Обостренное чувство смерти и жизни, их непрестанное противостояние было присуще и раньше бунинскому таланту, отличало его от многих современников. И когда Арсеньев жадно вглядывается в «трупный лик» Писарева, размышляя: «Неужели это он – то ужасное, что лежит в зале на столах… он, который всего позавчера, вот в такое же утро, входил с только что расчесанной, еще свежей после умыванья черной бородой к жене в соседнюю комнату, на полу которой через полчаса после того обмывали его голое, еще почти живое, податливое и бессильно падающее куда угодно тело», – мы можем вспомнить и рассуждения о смерти Капитона Ивановича в рассказе 1892 года «На хуторе» или переживания старого князя во «Всходах новых» (1913). Однако теперь, в эмиграции, ощущение смерти в бунинских произведениях обрело новое качество и приняло религиозный оттенок. Алексей Арсеньев уже с младости своей чувствует «Божественное великолепие мира и Бога, над ним царящего и его создавшего с такой полнотой и силой вещественности!».

Оттенок безнадежности, роковой предопределенности лежит на произведениях Бунина эмигрантской поры. И все же в этом ряду именно «Жизнь Арсеньева» выделяется конечным торжеством любви над смертью. В начале эмиграции Бунин, как известно, в рассказах той поры уже обращался к своей юношеской любви. Но каким был тогда его итог? Рассказ «В ночном море» (1923), навеянный разговором с мужем Варвары Пащенко, юношеским приятелем Арсением Бибиковым, приехавшим к Бунину после ее кон-чины, неизбывно пессимистичен. На палубе парохода, в ночи, спокойно, с мертвенным равнодушием беседуют два бывших соперника, один из которых только что похоронил жену.

«И ведь это из-за нее сходил я с ума буквально день и ночь, целые годы, – недоумевает один. – Из-за нее плакал, рвал на себе волосы, загонял лихачей, в ярости уничтожал свои лучшие, ценнейшие, может быть, работы… Но вот прошло двадцать лет – и я тупо смотрю на ее имя в траурной рамке, тупо представляю себе ее в гробу… Да и вы теперь, – теперь, конечно, – разве вы что-нибудь чувствуете?»

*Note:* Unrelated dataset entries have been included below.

Theorem proposition3p9 (R : realType) (B : algType R[i]) (star : B -> B) (nrm : B -> R)
  (n : nat) (psi : B -> 'M[B]_n) (psiinv : 'M[B]_n -> B)
  (A : B -> Prop) (phi : B -> R[i]) :
  is_unital_cstar star nrm ->
  is_star_iso star psi psiinv ->
  masa star A ->
  unital_hom_on A phi ->
  pos_contraction star nrm phi ->
  forall c : B, in_C nrm psiinv c ->
  forall e : R, 0 < e ->
  exists m : nat, (1 <= m)%N /\ nrm (kappa psiinv m (phi_it psi phi m c) - c) < e.
Proof.
move=> cstar psi_iso _ [phi1 _] [phiD phiZ phi_ge0 _] c c_in_C e e0.
have phi_state : is_state star phi by [].
have [m [m1 [x cx]]] := c_in_C (e / 2) (divr_gt0 e0 (ltr0n _ 2)).
exists m; split => //.
have iso := psi_mx_star_iso psi_iso m.
rewrite kappa_phi_it.
set d := kappa psiinv m x in cx *.
have Ed : cond_exp (psi_mx psi m) (psi_mx_inv psiinv m) phi d = d.
  by rewrite /d kappa_embedmx (cond_exp_embedmx iso phi_state).
rewrite -{1}[c](subrK d) (cond_expD iso phi_state) Ed -addrA.
apply: le_lt_trans (nrmD cstar _ _) _.
have := nrm_cond_exp_le cstar iso phi_state (c - d).
rewrite (nrmB cstar c d); lra.
Qed.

И его собеседник просто отвечает:

«Я? Да нет, что ж скрывать? Конечно, почти ничего…»

Время уничтожило все – страсть, любовь, ревность, соперничество. Героям остается пожелать друг другу покойной ночи. Слово «покойной», как стук гвоздя в крышку, завершает рассказ.

В «Жизни Арсеньева» этот взгляд все-таки опровергается: время бессильно убить подлинное чувство. «Недавно я видел ее во сне – единственный раз за всю свою долгую жизнь без нее. Ей было столько же лет, как тогда, в пору нашей общей жизни и общей молодости, но в лице ее уже была прелесть увядшей красоты. Она была худа, на ней было что-то похожее на траур. Я видел ее смутно, но с такой силой любви, радости, с такой телесной и душевной близостью, которой не испытывал ни к кому никогда» – так заканчивается «Жизнь Арсеньева». Уместно вспомнить здесь фразу из чернового наброска к роману:

«Жизнь, может быть, дается нам единственно для состязания со смертью…»

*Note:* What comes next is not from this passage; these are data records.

Lemma min_norm_iv_solution_min_norm_sol : 0 < varpi ->
  min_norm_iv_solution P Z X min_norm_sol.
Proof.
move=> varpi_gt0; split => [|h hsol]; first exact: iv_solution_min_norm_sol.
split; first by rewrite L2_sqnorm_min_norm_sol1; exact: one_le_L2_sqnorm_iv_solution1.
rewrite L2_sqnorm_min_norm_sol2 L2_sqnorm_iv_solution2// lee_fin lerDl.
by apply: Ex_ge0 => t; exact: sqr_ge0.
Qed.

Lemma min_norm_iv_solution_ae (h0 : TZ -> R * R) : 0 < varpi ->
  min_norm_iv_solution P Z X h0 ->
  {ae P, forall t, (h0 (Z t)).2 = alpha_pi + gamma_pi * pi (Z t)}.
Proof.
move=> varpi_gt0 [h0sol /(_ _ (iv_solution_min_norm_sol varpi_gt0)) [_]].
rewrite L2_sqnorm_min_norm_sol2 L2_sqnorm_iv_solution2// lee_fin gerDl => Ediff_le0.
have Ediff_sq_ge0 t : 0 <= ((h0 (Z t)).2 - (min_norm_sol (Z t)).2) ^+ 2 by exact: sqr_ge0.
have Ediff0 : Ex P (fun t => ((h0 (Z t)).2 - (min_norm_sol (Z t)).2) ^+ 2) = 0.
  by apply/eqP; rewrite eq_le Ediff_le0 Ex_ge0.
have Ldiff : (fun t => ((h0 (Z t)).2 - (min_norm_sol (Z t)).2) ^+ 2) \in Lfun P 1.
  case: h0sol => _ [_ Lk2] _ _; apply/Lfun1_integrable/Lfun2_integrable_sqr.
  rewrite (_ : (fun t => _) = ((fun z => (h0 z).2) \o Z) - (fun t => (min_norm_sol (Z t)).2))//.
  have := rpredB Lk2 (Lfun2_bounded mwZ (fun t => normr_w (Z t))).
  by apply; rewrite lee_fin ler1n.
apply: filterS2 pi_ae_pi01 (Ex_eq0_ae Ldiff Ediff_sq_ge0 Ediff0) => t -> /eqP.
by rewrite sqrf_eq0 subr_eq0 => /eqP ->.
Qed.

«Союз их кровный, не случайный…»

1

Пять долгих лет войны Бунин провел безвыездно в Грассе, на вилле «Жаннет», стоявшей высоко на крутом каменистом обрыве.

Он жадно следил за ходом великой битвы, которая развертывалась далеко на Востоке, на просторах его любимой России, сетуя на союзников, медливших с открытием второго фронта в Европе. В своей рабочей комнате развесил огромные карты Советского Союза и за радиоприемником, ловившим «назло паразитам запретные волны», изучал штабные сводки. Только тогда, когда фашистские армии проникли далеко в глубь советской территории, Бунин перестал делать отметки на картах, «чтобы не огорчаться». С мучительным волнением ловил он весточки о Сталинградской битве, то считая, что все потеряно, то – через несколько часов – переходя от чрезмерного пессимизма к радужным надеждам.